◆ HOW TO COMPLETE THIS TASK ◆
The output is the lines below from the one with "have := Smax" through the one with "suff prefix k : (k <= n)%N ->", both included, printed exactly and with no other line.

◆ Collected data entries ◆
++++++++

Lemma PJRplus_unblocked :
  PJRplus k P W <->
  ~ blocked k (fun d : 'I_m * 'I_k.+1 * {set 'I_m} => d.1.2 : nat)
      (fun d B => [&& d.1.1 \notin W, d.1.1 \in B, B :&: W \subset d.2
                    & #|d.2| < d.1.2]) P.
Proof.
apply: not_iff_compat; split=> [[a [l [N [aW l_gt0 large_N aN cover_lt]]]] |].
  have l_lt : l < k.+1 by rewrite ltnS (large_leq_k k_gt0 n_gt0 large_N).
  exists (a, Ordinal l_lt, W :&: \bigcup_(j in N) P j), N; split=> //=.
    by apply: large_neq0 large_N.
  by move=> j Nj; rewrite aW aN // approved_winners_sub.
case=> -[[a l] U] [N [N_neq0 large_N blockN]]; have [j0 Nj0] := set0Pn _ N_neq0.
have U_lt_l : #|U| < l by case/and4P: (blockN j0 Nj0).
exists a, l, N; split=> //.
- by case/and4P: (blockN j0 Nj0).
- exact: leq_ltn_trans (leq0n _) U_lt_l.
- by move=> j /blockN /and4P[].
- apply: leq_ltn_trans U_lt_l.
  by apply: card_approved_winners_le => j /blockN /and4P[].
Qed.

Lemma FJR_unblocked :
  FJR k P W <->
  ~ blocked k (fun d : 'I_m.+1 * {set 'I_m} => #|d.2|)
      (fun d B => (d.1 <= #|B :&: d.2|) && (#|B :&: W| < d.1)) P.
Proof.
split=> [fjr [[b T] [N [N_neq0 large_N blockN]]]
        | unblocked b T N b_gt0 N_neq0 large_N T_b].
  have [j0 Nj0] := set0Pn _ N_neq0.
  have b_gt0 : 0 < b by case/andP: (blockN j0 Nj0) => _ /(leq_ltn_trans (leq0n _)).
  have T_b j : j \in N -> b <= #|P j :&: T| by case/blockN/andP.
  have [j Nj] := fjr b T N b_gt0 N_neq0 large_N T_b.
  by case/andP: (blockN j Nj) => _; rewrite ltnNge => /negP.
apply/exists_inP; apply: contra_notT unblocked => /exists_inPn no_j.
have [j0 Nj0] := set0Pn _ N_neq0.
have b_lt : b < m.+1.
  by rewrite ltnS (leq_trans (T_b j0 Nj0)) // -[m in _ <= m]card_ord max_card.
by exists (Ordinal b_lt, T), N; split=> // j Nj /=; rewrite T_b // ltnNge no_j.
Qed.
(* The AMC (allocating marginal contributions) policy has competitive ratio $\alpha=\frac{2\mathsf{min}}{\mathsf{max}}$ with respect to greedy players when the characteristic functions range over $V_{\ge2}$.
   Context: Players: a finite set $N=\{a_1,\dots,a_n\}$. A characteristic function is $v:2^N\to\mathbb{R}_{\ge 0}$ with $v(\emptyset)=0$. There are fixed, known constants $0<\mathsf{min}\le\mathsf{max}$ and every $v$ considered is monotone and bounded: $\mathsf{min}\le v(S)\le v(T)\le\mathsf{max}$ for all nonempty $S\subseteq T\subseteq N$. For an integer $\delta\ge1$, $V_\delta$ denotes the set of such $v$ with $\delta\cdot\mathsf{min}\le\mathsf{max}<(\delta+1)\cdot\mathsf{min}$, and $V_{\ge2}=\bigcup_{\delta\ge2}V_\delta$. A coalition structure is a partition $C$ of $N$; its social welfare is $\mathsf{SW}(C\mid v)=\sum_{S\in C}v(S)$. Online process: an arrival order is a permutation $\pi=(\pi_1,\dots,\pi_n)$ of $N$; player $\pi_t$ arrives at time $t$; $\pi_{\prec t}$ is the set of players arriving before time $t$ and $\pi^{-1}(i)$ is the arrival time of $i$. For $S\subseteq N$, $\pi_{|S}$ denotes the players of $S$ in the relative order of $\pi$. Let $C^{t-1}$ be the coalition structure of players arrived before time $t$ ($C^0=\emptyset$). At time $t$, player $\pi_t$ either joins an existing coalition $S\in C^{t-1}$ or forms $\{\pi_t\}$ (choice $S=\emptyset$); decisions are never revised. A distribution policy $\varphi$ assigns to every $S\subseteq N$ and order $\pi_{|S}$ a vector $(\varphi_i(S,\pi_{|S}))_{i\in S}$ summing to $v(S)$. The AMC policy is $\varphi_i(S,\pi_{|S})=v\big((\pi_{\prec\pi^{-1}(i)}\cap S)\cup\{i\}\big)-v\big(\pi_{\prec\pi^{-1}(i)}\cap S\big)$ for $i\in S$ (each player receives her marginal contribution at the time she joins). Greedy players: $\pi_t$ chooses $S^*\in\arg\max_{S\in C^{t-1}\cup\{\emptyset\}}\varphi_{\pi_t}(S\cup\{\pi_t\},\pi_{|S\cup\{\pi_t\}})$ (predetermined tie-breaking). $C_g(v,\pi\mid\varphi)$ is the final structure. The competitive ratio over a class is $\alpha=\inf_{v,\pi}\mathsf{SW}(C_g(v,\pi\mid\varphi))/\max_C\mathsf{SW}(C\mid v)$, over $v$ in the class and all arrival orders $\pi$. *)

From HB Require Import structures.
From mathcomp Require Import all_boot all_order all_algebra all_fingroup.
From mathcomp Require classical_sets.
From mathcomp Require Import reals.
Set Implicit Arguments. Unset Strict Implicit. Unset Printing Implicit Defensive.
Import Order.TTheory GRing.Theory Num.Theory.
Local Open Scope ring_scope.

(* Players are 'I_n; coalitions are {set 'I_n}; an arrival order is a
   permutation pi : {perm 'I_n}, player (pi t) arrives at time t. *)

Section Defs.
Variables (R : realType) (n : nat).
Implicit Types (v : {set 'I_n} -> R) (pi : {perm 'I_n}) (S T : {set 'I_n}).

Definition bounded_monotone (mn mx : R) v : Prop :=
  v set0 = 0 /\
  forall S T, S != set0 -> S \subset T ->
    mn <= v S /\ v S <= v T /\ v T <= mx.

Definition V_delta (mn mx : R) (delta : nat) v : Prop :=
  bounded_monotone mn mx v /\
  delta%:R * mn <= mx /\ mx < (delta.+1)%:R * mn.

Definition V_ge2 (mn mx : R) v : Prop :=
  exists delta : nat, (2 <= delta)%N /\ V_delta mn mx delta v.

Definition arrived_before pi (i : 'I_n) : {set 'I_n} :=
  [set j | ((pi^-1)%g j < (pi^-1)%g i)%N].

Definition AMC v pi (S : {set 'I_n}) (i : 'I_n) : R :=
  v ((arrived_before pi i :&: S) :|: [set i]) - v (arrived_before pi i :&: S).

(* A (predetermined) tie-breaking rule: given the current coalition
   structure, the arriving player and the list of maximizing options
   (sublist of set0 :: C, in this order), return an index into that list
   (taken modulo its size). *)
Definition tiebreak := seq {set 'I_n} -> 'I_n -> seq {set 'I_n} -> nat.

(* One greedy step under distribution policy phi (phi S i = phi_i(S, pi|S)). *)
Definition greedy_step (tb : tiebreak) (phi : {set 'I_n} -> 'I_n -> R)
    (C : seq {set 'I_n}) (i : 'I_n) : seq {set 'I_n} :=
  let pay S := phi (S :|: [set i]) i in
  let cands := set0 :: C in
  let m := \big[Num.max/pay set0]_(S <- C) pay S in
  let best := [seq S <- cands | pay S == m] in
  let S := nth set0 best (tb C i best %% size best) in
  if S == set0 then rcons C [set i]
  else [seq (if T == S then T :|: [set i] else T) | T <- C].

Definition greedy_outcome (tb : tiebreak) (phi : {set 'I_n} -> 'I_n -> R) pi
  : seq {set 'I_n} :=
  foldl (greedy_step tb phi) [::] [seq pi t | t <- enum 'I_n].

Definition SW v (C : seq {set 'I_n}) : R := \sum_(S <- C) v S.

Definition OPT v : R :=
  \big[Num.max/0]_(P : {set {set 'I_n}} | partition P [set: 'I_n])
     \sum_(S in P) v S.

End Defs.

Definition competitive_ratio_AMC_Vge2 (R : realType) (mn mx : R)
    (tb : forall n : nat, tiebreak n) : R :=
  inf (fun r : R => exists (n : nat) (v : {set 'I_n} -> R) (pi : {perm 'I_n}),
         (0 < n)%N /\ V_ge2 mn mx v /\
         r = SW v (greedy_outcome (tb n) (AMC v pi) pi) / OPT v).

(* Under AMC a greedy player earns at least her stand-alone value v {i}, since
   founding a singleton is always an option, and the AMC payoffs inside a
   coalition add up to its value; so the greedy welfare is at least
   sum_i v {i}.  A block S of an optimal partition is worth at most max,
   while the singletons of its members are together worth v S if |S| = 1
   and at least 2 min otherwise; this gives the ratio 2 min / max.
   For tightness take 2(k+1) players grouped in the pairs {b, b + k + 1}; a
   coalition containing a pair is worth max, a pair-free one S is worth
   min + (|S| - 1) q with q slightly above min.  Arriving in increasing order,
   the first k + 1 players build one coalition; each later player completes a
   pair in it, which pays less than min, so they build a second coalition.
   The welfare is 2 (min + k q) whereas the k + 1 pairs are worth (k + 1) max.
   Choosing (k + 1) min < max <= (k + 2) min and letting q tend to min, the
   ratio tends to 2 min / max; when max = 2 min a single player suffices. *)

From HB Require Import structures.
From mathcomp Require Import all_boot all_order all_algebra all_fingroup.
From mathcomp Require classical_sets.
From mathcomp Require Import reals.
From mathcomp Require Import zify ring lra.
Set Implicit Arguments. Unset Strict Implicit. Unset Printing Implicit Defensive.
Import Order.TTheory GRing.Theory Num.Theory.
Local Open Scope ring_scope.

Section Greedy.
Variables (R : realType) (n : nat) (tb : tiebreak n).
Variable phi : {set 'I_n} -> 'I_n -> R.
Implicit Types (C : seq {set 'I_n}) (S T U : {set 'I_n}) (i : 'I_n).

Definition greedy_pay i S := phi (S :|: [set i]) i.

Definition greedy_best C i :=
  \big[Num.max/greedy_pay i set0]_(S <- C) greedy_pay i S.

Definition greedy_choice C i :=
  let best := [seq S <- set0 :: C | greedy_pay i S == greedy_best C i] in
  nth set0 best (tb C i best %% size best).

Definition join_coalition C S i :=
  [seq if T == S then T :|: [set i] else T | T <- C].

Lemma greedy_stepE C i : greedy_step tb phi C i =
  if greedy_choice C i == set0 then rcons C [set i]
  else join_coalition C (greedy_choice C i) i.
Proof. by []. Qed.

Lemma greedy_best_attained C i :
  exists2 S, S \in set0 :: C & greedy_pay i S = greedy_best C i.
Proof.
pose P x := x \in [seq greedy_pay i X | X <- set0 :: C].
suff /mapP[S SC ->] : P (greedy_best C i) by exists S.
rewrite /greedy_best big_seq; elim/big_ind: _ => [|x y Px Py|S SC].
- exact: map_f (mem_head _ _).
- by rewrite maxEle; case: ifP.
- by apply: map_f; rewrite in_cons SC orbT.
Qed.

Lemma greedy_choice_best C i :
  greedy_choice C i \in set0 :: C /\
  greedy_pay i (greedy_choice C i) = greedy_best C i.
Proof.
set best := [seq S <- set0 :: C | greedy_pay i S == greedy_best C i].
have best_gt0 : (0 < size best)%N.
  have [S SC payS] := greedy_best_attained C i.
  by rewrite size_filter -has_count; apply/hasP; exists S; rewrite ?payS.
have : greedy_choice C i \in best by apply: mem_nth; rewrite ltn_pmod.
by rewrite mem_filter => /andP[/eqP-> ->].
Qed.

Lemma greedy_choice_mem C i : greedy_choice C i \in set0 :: C.
Proof. by case: (greedy_choice_best C i). Qed.

Lemma greedy_choice_max C i U : U \in set0 :: C ->
  greedy_pay i U <= greedy_pay i (greedy_choice C i).
Proof.
rewrite (greedy_choice_best C i).2 in_cons => /predU1P[->|UC].
  exact: bigmax_ge_id.
exact: le_bigmax_seq.
Qed.

Lemma greedy_choice_strict C i S : S \in set0 :: C ->
  (forall U, U \in set0 :: C -> U != S -> greedy_pay i U < greedy_pay i S) ->
  greedy_choice C i = S.
Proof.
move=> SC Smax; apply/eqP; apply: contraT => choiceS.
have := Smax _ (greedy_choice_mem C i) choiceS.
by rewrite ltNge greedy_choice_max.
Qed.

Lemma greedy_step_alone C i :
  (forall U, U \in C -> U != set0 -> greedy_pay i U < greedy_pay i set0) ->
  greedy_step tb phi C i = rcons C [set i].
Proof.
move=> alone; rewrite greedy_stepE (@greedy_choice_strict _ _ set0) ?eqxx //.
  exact: mem_head.
by move=> U; rewrite in_cons => /predU1P[->|]; [rewrite eqxx | exact: alone].
Qed.

Lemma greedy_step_join C i S : S \in C -> S != set0 ->
  (forall U, U \in set0 :: C -> U != S -> greedy_pay i U < greedy_pay i S) ->
  greedy_step tb phi C i = join_coalition C S i.
Proof.
move=> SC S0 Smax; rewrite greedy_stepE (@greedy_choice_strict _ _ S) //.
  by rewrite (negbTE S0).
by rewrite in_cons SC orbT.
Qed.

Lemma greedy_outcome_ind (P : nat -> seq {set 'I_n} -> Prop) (pi : {perm 'I_n}) :
  P 0%N [::] ->
  (forall (t : 'I_n) C, P t C -> P t.+1 (greedy_step tb phi C (pi t))) ->
  P n (greedy_outcome tb phi pi).
Proof.
move=> P0 PS; set arrivals := [seq pi t | t <- enum 'I_n].
have size_arrivals : size arrivals = n by rewrite size_map size_enum_ord.
suff prefix k : (k <= n)%N ->
    P k (foldl (greedy_step tb phi) [::] (take k arrivals)).
  by have := prefix n (leqnn n); rewrite take_oversize ?size_arrivals.
elim: k => [|k IH] lt_k; first by rewrite take0.
pose t : 'I_n := Ordinal lt_k.
rewrite (take_nth (pi t)) ?size_arrivals // foldl_rcons.
rewrite (nth_map t) ?size_enum_ord // (nth_ord_enum t t).
by apply: (PS t); apply: IH; apply: ltnW.
Qed.

End Greedy.

Section Welfare.
Variables (R : realType) (n : nat) (v : {set 'I_n} -> R).
Implicit Types (C : seq {set 'I_n}) (S T : {set 'I_n}) (i : 'I_n).

Lemma SW_rcons C S : SW v (rcons C S) = SW v C + v S.
Proof. by rewrite /SW -cats1 big_cat big_seq1. Qed.

Lemma SW_join C S i : uniq C -> S \in C ->
  SW v (join_coalition C S i) = SW v C + (v (S :|: [set i]) - v S).
Proof.
move=> uC SC; rewrite /SW big_map (bigD1_seq S) //= eqxx [in RHS](bigD1_seq S) //=.
under eq_bigr => T /negbTE -> do [].
by rewrite [RHS]addrC addrA subrK.
Qed.

Lemma join_coalition_uniq C S i : uniq C -> {in C, forall T, i \notin T} ->
  uniq (join_coalition C S i).
Proof.
move=> uC iC; rewrite map_inj_in_uniq // => T1 T2 T1C T2C.
case: eqP => [->|_]; case: eqP => [->|_] // eT.
- by have := iC T2 T2C; rewrite -eT !inE eqxx orbT.
- by have := iC T1 T1C; rewrite eT !inE eqxx orbT.
Qed.

End Welfare.

Section AMCWelfare.
Variables (R : realType) (n : nat) (tb : tiebreak n).
Variables (v : {set 'I_n} -> R) (pi : {perm 'I_n}).
Hypothesis v0 : v set0 = 0.
Implicit Types (C : seq {set 'I_n}) (S T X : {set 'I_n}) (i : 'I_n).

Definition first_arrivals (k : nat) := [set j | ((pi^-1)%g j < k)%N].

Lemma arrived_before_perm (t : 'I_n) : arrived_before pi (pi t) = first_arrivals t.
Proof. by apply/setP => j; rewrite !inE permK. Qed.

Lemma first_arrivalsS (t : 'I_n) : first_arrivals t.+1 = pi t |: first_arrivals t.
Proof.
apply/setP => j; rewrite !inE ltnS leq_eqVlt val_eqE.
by rewrite (can2_eq (permKV pi) (permK pi)).
Qed.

++++++++

◆ ANSWER SECTION ◆
have := Smax _ (greedy_choice_mem C i) choiceS.
by rewrite ltNge greedy_choice_max.
Qed.

Lemma greedy_step_alone C i :
  (forall U, U \in C -> U != set0 -> greedy_pay i U < greedy_pay i set0) ->
  greedy_step tb phi C i = rcons C [set i].
Proof.
move=> alone; rewrite greedy_stepE (@greedy_choice_strict _ _ set0) ?eqxx //.
  exact: mem_head.
by move=> U; rewrite in_cons => /predU1P[->|]; [rewrite eqxx | exact: alone].
Qed.

Lemma greedy_step_join C i S : S \in C -> S != set0 ->
  (forall U, U \in set0 :: C -> U != S -> greedy_pay i U < greedy_pay i S) ->
  greedy_step tb phi C i = join_coalition C S i.
Proof.
move=> SC S0 Smax; rewrite greedy_stepE (@greedy_choice_strict _ _ S) //.
  by rewrite (negbTE S0).
by rewrite in_cons SC orbT.
Qed.

Lemma greedy_outcome_ind (P : nat -> seq {set 'I_n} -> Prop) (pi : {perm 'I_n}) :
  P 0%N [::] ->
  (forall (t : 'I_n) C, P t C -> P t.+1 (greedy_step tb phi C (pi t))) ->
  P n (greedy_outcome tb phi pi).
Proof.
move=> P0 PS; set arrivals := [seq pi t | t <- enum 'I_n].
have size_arrivals : size arrivals = n by rewrite size_map size_enum_ord.
suff prefix k : (k <= n)%N ->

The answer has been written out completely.